RU-59063 is a nonsteroidal antiandrogen (NSAA) drug that was never marketed. It is structurally related to other NSAAs like nilutamide, bicalutamide, and enzalutamide. RU-59063 possesses high affinity for the androgen receptor (AR) and acts as a potent competitive antagonist, blocking the effects of androgens like testosterone and dihydrotestosterone (DHT).
RU-59063 was developed by Roussel Uclaf, the same pharmaceutical company that developed mifepristone (RU-486). Research focused on its potential use in the treatment of androgen-dependent conditions, such as prostate cancer, benign prostatic hyperplasia (BPH), acne, and hirsutism. However, despite promising in vitro and in vivo studies, it did not progress beyond preclinical development. The reasons for its failure to reach market are not fully documented but likely involved a combination of factors including efficacy, safety, market considerations, and the presence of competing drugs already available or in development.

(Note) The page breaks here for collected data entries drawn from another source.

Lemma zn_level M :
  (exists K M, forall y, M <= y ->
     exists lo, Elow Sp (fun w => Rmin (X w ^ 2) (y ^ 2)) = Finite lo /\ 0 < lo /\
       lfun Sp X y / lo <= K) ->
  (forall eps, 0 < eps -> exists M, forall c, M <= c ->
     Rbar_le (E Sp (fun w => Rmax (Rabs (X w) - c) 0)) (Finite eps)) ->
  exists qmax, 0 < qmax /\ forall xn n, 0 < xn ^ 2 / INR n <= qmax ->
    let z := zn Sp X xn n in
    0 < z /\ M <= z / 2 /\ lfun Sp X z = xn ^ 2 / INR n * z ^ 2 /\ 0 < lfun Sp X z.
Proof.
  intros hII hIII.
  destruct (b0_facts hII) as [hb0 hl0].
  destruct (lfun_le_linear Sp X hX hIII) as [A [hA hlin]].
  set (b := b0 Sp X + 1) in *. set (l0 := lfun Sp X b) in *.
  assert (hbpos : 0 < b) by (unfold b; lra).
  assert (hb2 : 0 < b ^ 2) by (apply pow_lt; lra).
  assert (hM2 : 0 < 4 * M ^ 2 + 1) by (pose proof (pow2_ge_0 M); lra).
  exists (Rmin (l0 / (2 * b ^ 2)) (l0 / (4 * M ^ 2 + 1))).
  split; [apply Rmin_glb_lt; apply Rdiv_lt_0_compat; lra |].
  intros xn n [hq hqmax] z. set (q := xn ^ 2 / INR n) in *.
  pose proof (Rle_trans _ _ _ hqmax (Rmin_l _ _)) as hq1.
  pose proof (Rle_trans _ _ _ hqmax (Rmin_r _ _)) as hq2.
  assert (hqb : q * b ^ 2 < l0).
  { apply Rmult_le_compat_r with (r := b ^ 2) in hq1; [| lra].
    replace (l0 / (2 * b ^ 2) * b ^ 2) with (l0 / 2) in hq1 by (field; lra). lra. }
  destruct (lfun_zn xn n A hq hA hb0 hqb hlin) as [hzb hlz]. fold b z q in hzb, hlz.
  assert (l0 <= lfun Sp X z) by (apply lfun_mono; auto; lra).
  assert (q * (4 * M ^ 2 + 1) <= l0).
  { apply Rmult_le_compat_r with (r := 4 * M ^ 2 + 1) in hq2; [| lra].
    replace (l0 / (4 * M ^ 2 + 1) * (4 * M ^ 2 + 1)) with l0 in hq2 by (field; lra). lra. }
  split; [lra | split; [| split; [exact hlz | lra]]].
  apply le_half_of_sq_ge; [lra |]. apply Rmult_le_reg_l with q; auto. nra.
Qed.

End Levels.

(** * Exponential bounds *)

Section Chernoff.

Context {Omega : Type} (Sp : SLESpace Omega) (X : Omega -> R) (Xs : nat -> Omega -> R).
Hypothesis hX : H Sp X.
Hypothesis hXs : forall n, (1 <= n)%nat -> H Sp (Xs n).
Hypothesis hind : indep_seq Sp Xs.
Hypothesis hsd : forall n, (1 <= n)%nat -> same_dist Sp (Xs n) X.

Variables (z s t : R).
Hypothesis hz : 0 < z.
Hypothesis hs : 0 < s.
Hypothesis ht : 0 < t.

Lemma scaled_ramp_bounds y : - s <= s * ramp (y / z) <= s.
Proof. pose proof (ramp_bounds (y / z)). split; nra. Qed.

Lemma scaled_clip_bounds y : - t <= t * clip (y / z) <= t.
Proof. pose proof (clip_bounds (y / z)). split; nra. Qed.

Lemma scaled_ramp_lipschitz a b :
  Rabs (s * ramp (a / z) - s * ramp (b / z)) <= s * 2 / z * Rabs (a - b).
Proof. apply scaled_lipschitz; [lra | lra | apply ramp_lipschitz]. Qed.

Lemma scaled_clip_lipschitz a b :
  Rabs (t * clip (a / z) - t * clip (b / z)) <= t * 1 / z * Rabs (a - b).
Proof.
  apply scaled_lipschitz; [lra | lra |]. intros; rewrite Rmult_1_l; apply clip_lipschitz.
Qed.

Lemma Vcap_self_normalized_le (A : Omega -> Prop) n x a1 a2 : 0 < x ->
  (forall w, A w ->
     sum1 (fun i => Xs i w) n >= x * sqrt (sum1 (fun i => Xs i w ^ 2) n) /\
     sum1 (fun i => Xs i w ^ 2) n >= 9 * x ^ 2 * z ^ 2) ->
  E_le Sp (fun w => exp (s * ramp (X w / z))) a1 ->
  E_le Sp (fun w => exp (t * clip (X w / z))) a2 ->
  Rbar_le (Vcap Sp A) (Finite (exp (- (s * (/ 10000 * x ^ 2))) * a1 ^ n
                               + exp (- (t * (29699 / 10000 * x ^ 2))) * a2 ^ n)).
Proof.
  intros hx hA h1 h2.
  set (T1 := s * (/ 10000 * x ^ 2)). set (T2 := t * (29699 / 10000 * x ^ 2)).
  set (P1 := fun w => exp (sum1 (fun i => s * ramp (Xs i w / z)) n)).
  set (P2 := fun w => exp (sum1 (fun i => t * clip (Xs i w / z)) n)).
  assert (hK1 : 0 <= s * 2 / z) by (apply Rlt_le, Rdiv_lt_0_compat; lra).
  assert (hK2 : 0 <= t * 1 / z) by (apply Rlt_le, Rdiv_lt_0_compat; lra).
  pose proof (H_exp_sum Sp Xs hXs _ s _ (Rlt_le _ _ hs) hK1 scaled_ramp_bounds
                scaled_ramp_lipschitz n) as hP1.
  pose proof (H_exp_sum Sp Xs hXs _ t _ (Rlt_le _ _ ht) hK2 scaled_clip_bounds
                scaled_clip_lipschitz n) as hP2.
  pose proof (exp_pos (- T1)). pose proof (exp_pos (- T2)).
  apply Vcap_le with (fun w => exp (- T1) * P1 w + exp (- T2) * P2 w).
  - apply H_add; apply H_scal; auto.
  - intros w. pose proof (exp_pos (sum1 (fun i => s * ramp (Xs i w / z)) n)).
    pose proof (exp_pos (sum1 (fun i => t * clip (Xs i w / z)) n)).
    split; [unfold P1, P2; nra |]. intros hw. destruct (hA w hw) as [e1 e2].
    unfold P1, P2. rewrite !sum1_scal. apply exp_chebyshev_dichotomy; lra.
  - apply E_le_add; try (apply H_scal; auto); apply E_le_scal; auto.
    + exact (E_exp_sum_le Sp X Xs hXs hind hsd hX _ s _ (Rlt_le _ _ hs) hK1
               scaled_ramp_bounds scaled_ramp_lipschitz a1 n h1).
    + exact (E_exp_sum_le Sp X Xs hXs hind hsd hX _ t _ (Rlt_le _ _ ht) hK2
               scaled_clip_bounds scaled_clip_lipschitz a2 n h2).
Qed.

End Chernoff.

Lemma sq_div_le_of_abs_le x n c : 0 < INR n -> 0 <= c ->
  Rabs x <= sqrt c * sqrt (INR n) -> x ^ 2 / INR n <= c.
Proof.
  intros hn hc hx. apply Rmult_le_reg_r with (INR n); auto.
  replace (x ^ 2 / INR n * INR n) with (x ^ 2) by (field; lra).
  rewrite <- (pow2_abs x), <- (pow2_sqrt c hc), <- (pow2_sqrt (INR n)) by lra.
  rewrite <- Rpow_mult_distr. apply pow_incr. split; auto. apply Rabs_pos.
Qed.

Like other NSAAs, RU-59063 competitively binds to the androgen receptor, preventing androgens from binding and activating it. This mechanism of action allows it to inhibit the growth of androgen-sensitive tissues and cancers. The absence of steroidal structure differentiates it from steroidal antiandrogens, such as cyproterone acetate.
Its chemical structure is C12H6F6N4O3. Further details on its synthesis and specific pharmacological profile are available in scientific literature related to antiandrogens and androgen receptor antagonists published during its development period. Because it was never marketed, information readily available to the general public is limited.